Callahan picked up a car magazine and flipped through it when he could, then he too fell asleep – and into a restless dream. Something shook his chair and he woke up, saw the nurse disconnecting the IV from Frank’s port so he wiped away the sleep and sat up; Frank looked awful now, tired and sallow. They sat for a few more minutes then made their way out to the Rover; once he had Frank belted in he turned on the air conditioner and turned the ducts to face his friend, then drove slowly back to the city. Frank dozed, leaving Harry in a funk.

When they arrived, DD helped get Frank to a cot in one of the smaller crew rest areas, then Harry went to his office, where he found Nils and Fujiko waiting. He ignored Fujiko as best he could, but he realized he still felt a mix of dread and anger over this first meeting since her last departure. Once DD arrived he launched right into what he had in mind.

“Fujiko, I’ve asked you here today in a business capacity, and nothing more. As you may recall, I have an interest in a music company. It is based in Copenhagen and has a well established store here in the city, and currently Nils,” he said, pointing to the long-haired Dane, “is the resident manager of this store. Recently, Nils has been opening up the store to carry new types of instruments, mainly electronic synthesizers, and he’s asked about the possibility of opening new stores around the world. The first store we’d like to think about would be in Japan, and since you’ve gone back to school and received your MBA, I thought you might be the perfect person to help spearhead this effort.”

“I see,” she said. “Thank you so much for thinking of me.”

Harry nodded, suddenly unsure of himself on hearing her voice once again. “If you agree, we’d like to hire you, bring you onto the Rosenthal Music Company payroll, and with your help explore the possibilities of opening new stores in Asia and Europe. Is this something you’d like to consider?”

“Who would I be working for?”

“The Music Company.”

“And who owns this company?”

“I do?”

“So, I’d be working for you?”

“In a way, but actually the company’s operations are quite independent of me.”

“I see. I would only be interested in working for a company not directly under your control.”

“What is your primary concern here, Fujiko?” DD asked – opening up a new line of attack.

“That Harry not be in a position to manipulate me or my business decisions.”

“I see,” DD said. “Well, not that it makes any difference now, but I see over the day-to-day financials for the company now, and I manage personnel matters, as well. That said, with your feelings about Harry I couldn’t agree to taking you on.

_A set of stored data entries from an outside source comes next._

Lemma surviving_potential_step t :
  surviving_potential t.+1 <= surviving_potential t - prob_runtime_gt f A t.
Proof.
rewrite /surviving_potential /prob_runtime_gt -sumrB big_mkcond big_tuple_rcons /=.
rewrite [leRHS]big_mkcond /=; apply: ler_sum => h _; case: ifP => alive; last first.
  by rewrite big1 // => y _; rewrite all_rcons alive andbF.
apply: le_trans (_ : \sum_y hist_prob f A h * (next_prob h y * Phi (rcons h y)) <= _).
  apply: ler_sum => y _; rewrite all_rcons; case: ifP => _.
    by rewrite hist_prob_rcons mulrA.
  exact: mulr_ge0 (hist_prob_ge0 h) (mulr_ge0 (alg_op_ge0 _ _ _) (Phi_ge0 _)).
rewrite -mulr_sumr -[X in _ <= _ - X]mulr1 -mulrBr.
by apply: ler_wpM2l; [exact: hist_prob_ge0 | exact: Phi_drift].
Qed.

Lemma sum_prob_runtime_gt_le T :
  \sum_(t < T) prob_runtime_gt f A t + surviving_potential T <= surviving_potential 0.
Proof.
elim: T => [|T IH]; first by rewrite big_ord0 add0r.
rewrite big_ord_recr /= -addrA; apply: le_trans IH; rewrite lerD2l.
by have := surviving_potential_step T; lra.
Qed.

Variable M : R.
Hypothesis Phi_init_le : forall h : 1.-tuple (bitstring n), Phi h <= M.

Lemma surviving_potential0_le : surviving_potential 0 <= M.
Proof.
have w_ge0 : 0 <= (2%:R ^+ n)^-1 :> R by rewrite invr_ge0 exprn_ge0.
apply: le_trans (_ : \sum_(h : 1.-tuple (bitstring n)) (2%:R ^+ n)^-1 * M <= _).
  rewrite /surviving_potential big_mkcond /=; apply: ler_sum => h _.
  rewrite /hist_prob big_ord0 mulr1.
  case: ifP => _; first exact: ler_wpM2l.
  exact: mulr_ge0 (le_trans (Phi_ge0 h) (Phi_init_le h)).
rewrite sumr_const card_tuple card_ffun card_bool card_ord expn1.
by rewrite -[_ *+ _]mulr_natl natrX mulrA mulfV ?mul1r // expf_neq0 // pnatr_eq0.
Qed.

Lemma expected_runtime_le_potential : (expected_runtime f A <= M%:E)%E.
Proof.
apply: lime_le.
  by apply: is_cvg_nneseries => t _ _; rewrite lee_fin prob_runtime_gt_ge0.
apply: nearW => T; rewrite sumEFin lee_fin big_mkord.
apply: le_trans surviving_potential0_le; apply: le_trans (sum_prob_runtime_gt_le T).
by rewrite lerDl surviving_potential_ge0.
Qed.

End PotentialDrift.

Section BitStrings.
Variable n : nat.

(* [DLB x] is convertible to [dlb_bits n (bit_seq x)]. *)
Definition bit_seq (x : bitstring n) (k : nat) : bool := nth false (map x (enum 'I_n)) k.

Definition flip (x : bitstring n) (i : 'I_n) : bitstring n :=
  [ffun k => if k == i then ~~ x k else x k].

Lemma bit_seq_ord (x : bitstring n) (i : 'I_n) : bit_seq x i = x i.
Proof. by rewrite /bit_seq (nth_map i) ?size_enum_ord // nth_ord_enum. Qed.

Lemma bit_seq_flip (x : bitstring n) i : bit_seq (flip x i) =1 flip_at (bit_seq x) i.
Proof.
move=> k; have [lt_kn|le_nk] := ltnP k n.
  by rewrite -[k]/(nat_of_ord (Ordinal lt_kn)) /flip_at !bit_seq_ord ffunE.
have ne_ki : k != i by apply: contraTneq le_nk => ->; rewrite -ltnNge.
have size_bits (y : bitstring n) : size (map y (enum 'I_n)) = n.
  by rewrite size_map size_enum_ord.
by rewrite /flip_at (ifN_eq _ _ ne_ki) /bit_seq !nth_default ?size_bits.
Qed.

Lemma DLB_flip (x : bitstring n) i : DLB (flip x i) = dlb_bits n (flip_at (bit_seq x) i).
Proof. exact: eq_dlb_bits (bit_seq_flip x i). Qed.

Lemma DLB_le (x : bitstring n) : (DLB x <= n)%N.
Proof. exact: dlb_bits_le. Qed.

Lemma DLB_lt_nonoptimal (x : bitstring n) : ~~ optimal (@DLB n) x -> (DLB x < n)%N.
Proof.
apply: contraR; rewrite -leqNgt => le_nx.
by apply/forallP => y; apply: leq_trans (DLB_le y) le_nx.
Qed.

Lemma flip_bxor (x z : bitstring n) i : flip (bxor x z) i = bxor (flip x i) z.
Proof. by apply/ffunP => k; rewrite !ffunE; case: eqP; rewrite ?ffunE // addNb. Qed.

Lemma bxorK (z : bitstring n) : involutive (fun y => bxor y z).
Proof. by move=> y; apply/ffunP => k; rewrite !ffunE addbK. Qed.

Lemma bpermK (s : 'S_n) : cancel (bperm s) (bperm (s^-1)%g).
Proof. by move=> y; apply/ffunP => k; rewrite !ffunE permKV. Qed.

Lemma flip_bperm (s : 'S_n) (x : bitstring n) j :
  flip (bperm s x) ((s^-1)%g j) = bperm s (flip x j).
Proof. by apply/ffunP => k; rewrite !ffunE -(inj_eq (@perm_inj _ s)) permKV. Qed.

End BitStrings.

Section OneBitFlip.
Local Open Scope ring_scope.
Variables (R : realType) (n : nat).

Definition one_bit_flip (x y : bitstring n) : R :=
  n%:R^-1 * \sum_(i < n) (y == flip x i)%:R.

Lemma one_bit_flip_sum x (g : bitstring n -> R) :
  \sum_y one_bit_flip x y * g y = n%:R^-1 * \sum_(i < n) g (flip x i).
Proof.
under eq_bigr do rewrite -mulrA mulr_suml.
rewrite -mulr_sumr exchange_big /=; congr (_ * _); apply: eq_bigr => i _.
rewrite (bigD1 (flip x i)) //= eqxx mul1r big1 ?addr0 // => y /negbTE ->.
by rewrite mul0r.
Qed.

Lemma one_bit_flip_unbiased : (0 < n)%N -> unary_unbiased one_bit_flip.
Proof.
move=> n_gt0; split; [split|split].
- move=> x y; rewrite mulr_ge0 ?invr_ge0 ?ler0n //.
  by apply: sumr_ge0 => i _; rewrite ler0n.
- move=> x; have := one_bit_flip_sum x (fun _ => 1); under eq_bigr do rewrite mulr1.
  by move=> ->; rewrite sumr_const card_ord mulVf // pnatr_eq0 -lt0n.
- move=> x y z; congr (_ * _); apply: eq_bigr => i _.
  by rewrite flip_bxor (inj_eq (inv_inj (bxorK z))).
- move=> s x y; congr (_ * _); rewrite [RHS](reindex_inj (@perm_inj _ (s^-1)%g)) /=.
  by apply: eq_bigr => j _; rewrite flip_bperm (inj_eq (can_inj (bpermK s))).
Qed.

End OneBitFlip.

Definition accepts (v w : nat) : bool := if odd v then v./2 <= w./2 else v./2 < w./2.

(* [select s] is the position in the fitness history [s] of the current search
   point: a new point becomes current when its fitness is [accepts]ed. *)
Fixpoint select_rev (r : seq nat) : nat :=
  if r is w :: r' then
    if accepts (nth 0 (rev r') (select_rev r')) w then size r' else select_rev r'
  else 0.

Definition select (s : seq nat) : nat := select_rev (rev s).

Lemma select_rcons s w :
  select (rcons s w) = if accepts (nth 0 s (select s)) w then size s else select s.
Proof. by rewrite /select rev_rcons /= revK size_rev. Qed.

Lemma select_le s : select s <= (size s).-1.
Proof.
elim/last_ind: s => // s w IH; rewrite select_rcons size_rcons /=.
by case: ifP => // _; apply: leq_trans IH (leq_pred _).
Qed.

Lemma select_lt s : 0 < size s -> select s < size s.
Proof. by move=> s_gt0; apply: leq_ltn_trans (select_le s) _; rewrite prednK. Qed.

Definition dlb_potential (n v : nat) : nat := 2 * n * (n./2 - v./2) + n * odd v.

Lemma dlb_potential_le n v : dlb_potential n v <= 2 * n ^ 2.
Proof.
have le_n : (n./2 - v./2).*2 <= n.
  apply: leq_trans (_ : n./2.*2 <= n); first by rewrite leq_double leq_subr.
  by rewrite -{2}(odd_double_half n) leq_addl.
have := leq_mul (leqnn n) le_n; have := leq_mul (leqnn n) (leq_b1 (odd v)).
rewrite /dlb_potential -!muln2; nia.
Qed.

Lemma dlb_potential_half_lt n v w : v./2 < n./2 -> v./2 < w./2 ->
  dlb_potential n w + n <= dlb_potential n v.
Proof.
move=> lt_vn lt_vw; have le_diff : (n./2 - w./2).+1 <= n./2 - v./2 by lia.
have := leq_mul (leqnn (2 * n)) le_diff; have := leq_mul (leqnn n) (leq_b1 (odd w)).
rewrite /dlb_potential; lia.
Qed.

Lemma dlb_potential_accepts n v w : v./2 < n./2 -> accepts v w ->
  dlb_potential n w <= dlb_potential n v.
Proof.
rewrite /accepts; case: ifP => odd_v lt_vn le_vw; last first.
  exact: leq_trans (leq_addr _ _) (dlb_potential_half_lt lt_vn le_vw).
have := leq_mul (leqnn (2 * n)) (leq_sub2l n./2 le_vw).
have := leq_mul (leqnn n) (leq_b1 (odd w)).
rewrite /dlb_potential odd_v; lia.
Qed.

Lemma dlb_potential_pred_odd n v : odd v -> dlb_potential n v.-1 + n = dlb_potential n v.
Proof.
move=> odd_v; have -> : v.-1 = (v./2).*2 by rewrite -{1}(odd_double_half v) odd_v.
by rewrite /dlb_potential doubleK odd_double odd_v muln0 muln1 addn0.
Qed.

Lemma half_lt_even n v : ~~ odd n -> v < n -> v./2 < n./2.
Proof.
by move=> even_n; rewrite ltn_half_double -{1}(odd_double_half n) (negbTE even_n).
Qed.

Section DLBPotential.
Variable n : nat.
Hypothesis n_even : ~~ odd n.

Definition potential_after (x y : bitstring n) : nat :=
  dlb_potential n (DLB (if accepts (DLB x) (DLB y) then y else x)).

Lemma potential_after_le x y : DLB x < n -> potential_after x y <= dlb_potential n (DLB x).
Proof.
rewrite /potential_after; case: ifP => // acc_xy lt_xn.
exact: dlb_potential_accepts (half_lt_even n_even lt_xn) acc_xy.
Qed.

Lemma exists_flip_potential_drop x : DLB x < n ->
  exists i, potential_after x (flip x i) + n <= dlb_potential n (DLB x).
Proof.
move=> lt_xn; have lt_half := half_lt_even n_even lt_xn.
case odd_x: (odd (DLB x)).
  have lt_pred : (DLB x).-1 < n by apply: leq_ltn_trans (leq_pred _) lt_xn.
  exists (Ordinal lt_pred).
  have DLB_y : DLB (flip x (Ordinal lt_pred)) = (DLB x).-1.
    by rewrite DLB_flip dlb_bits_flip_odd.
  have half_pred : ((DLB x).-1)./2 = (DLB x)./2.
    by rewrite -{1}(odd_double_half (DLB x)) odd_x doubleK.
  rewrite /potential_after DLB_y /accepts odd_x half_pred leqnn /= DLB_y.
  by rewrite dlb_potential_pred_odd.
have [j lt_jn lt_flip] := dlb_bits_flip_even (negbT odd_x) lt_xn.
exists (Ordinal lt_jn); rewrite /potential_after DLB_flip /accepts odd_x lt_flip.
by rewrite DLB_flip; apply: dlb_potential_half_lt.
Qed.

Lemma sum_potential_after_flip x : DLB x < n ->
  \sum_(i < n) potential_after x (flip x i) + n <= n * dlb_potential n (DLB x).
Proof.
move=> lt_xn; have [i0 drop_i0] := exists_flip_potential_drop lt_xn.
have -> : n * dlb_potential n (DLB x) = \sum_(i < n) dlb_potential n (DLB x).
  by rewrite sum_nat_const card_ord.
rewrite (bigD1 i0) //= [in leqRHS](bigD1 i0) //=.
rewrite addnAC leq_add // leq_sum // => i _; exact: potential_after_le.
Qed.

End DLBPotential.

Section RandomizedLocalSearch.
Local Open Scope ring_scope.
Variables (R : realType) (n : nat).
Hypotheses (n_even : ~~ odd n) (n_gt0 : (0 < n)%N).

Definition rls : algorithm R n := Algorithm (fun=> @one_bit_flip R n) select.

Lemma rls_unbiased : unary_unbiased_alg rls.
Proof. by move=> h; split; [exact: one_bit_flip_unbiased | exact: select_lt]. Qed.

Definition current (h : seq (bitstring n)) : bitstring n :=
  nth (x0 n) h (select (map (@DLB n) h)).

Lemma select_DLB_lt h : (0 < size h)%N -> (select (map (@DLB n) h) < size h)%N.
Proof. by move=> h_gt0; rewrite -(size_map (@DLB n)) select_lt ?size_map. Qed.

Lemma current_rcons h y : (0 < size h)%N ->
  current (rcons h y) = if accepts (DLB (current h)) (DLB y) then y else current h.
Proof.
move=> h_gt0; have lt_sel := select_DLB_lt h_gt0.
rewrite /current map_rcons select_rcons (nth_map (x0 n)) // size_map.
by case: ifP => _; rewrite nth_rcons ?ltnn ?eqxx ?lt_sel.
Qed.

Definition rls_potential (h : seq (bitstring n)) : R :=
  (dlb_potential n (DLB (current h)))%:R.

Lemma rls_potential_drift t (h : t.+1.-tuple (bitstring n)) :
  all (fun x => ~~ optimal (@DLB n) x) h ->
  \sum_y next_prob (@DLB n) rls h y * rls_potential (rcons h y) <= rls_potential h - 1.
Proof.
move=> alive; have h_gt0 : (0 < size h)%N by rewrite size_tuple.
have lt_cur : (DLB (current h) < n)%N.
  by apply: DLB_lt_nonoptimal; move/allP: alive; apply; rewrite mem_nth ?select_DLB_lt.
rewrite /next_prob one_bit_flip_sum -/(current h).
under eq_bigr do rewrite /rls_potential current_rcons // -/(potential_after _ _).
have := sum_potential_after_flip n_even lt_cur; rewrite -(ler_nat R) natrD natrM natr_sum.
rewrite /rls_potential; set S := (\sum_i _)%R; set P := (dlb_potential _ _)%:R => le_S.
have n_neq0 : n%:R != 0 :> R by rewrite pnatr_eq0 -lt0n.
apply: le_trans (_ : n%:R^-1 * (n%:R * P - n%:R) <= _).
  by rewrite ler_wpM2l ?invr_ge0 ?ler0n // lerBrDr.
by rewrite mulrBr mulKf // mulVf.
Qed.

I’m sorry, as I think it would’ve been a fantastic opportunity for you…”

“I did not mean to say I could not work for the company,” Fujiko blurted out. “Only that I could not…”

“I understand your position,” DD added. “I’m sorry we took up your time. Good day.”

Harry watched impassively, and chose his moment with care. “Excuse me, but before you leave, could you tell me a few of the ideas you might have to go about opening a facility in Tokyo?” 

“If I am no longer under consideration for the position, then no, I cannot.”

“Your consideration hangs in the balance, Fujiko-san,” DD replied. “Do you have any ideas for helping this project move forward.”

It turned out she did.

Harry left midway through her interview, leaving DD to finish up the application process. He went to the rest area and found Frank fast asleep, so he went to his office and called Cathy.

“He doesn’t look good, Cathy. I mean, he’s really weak.”

“I think the treatments are having no effect, Harry. My biggest concern is that they’re weakening him prematurely.”

“Have you talked to his oncologist?”

“I have. She told me about the only thing we can do is play for more time.”

“Uh…what does Frank want to do?”

“Well, we’ve talked about it a little, and it all comes down to quality of life versus quantity.”

“And…how does he feel about that?”

She chuckled. “I think he’s just like the rest of us, Harry. He wants both.”

“I hear that.”

“Yes, exactly. Who wouldn’t, but that’s just not the case now.”

“Well,” Harry sighed, “maybe it’s time to have a talk with his doctors. Maybe the doc could set it up?”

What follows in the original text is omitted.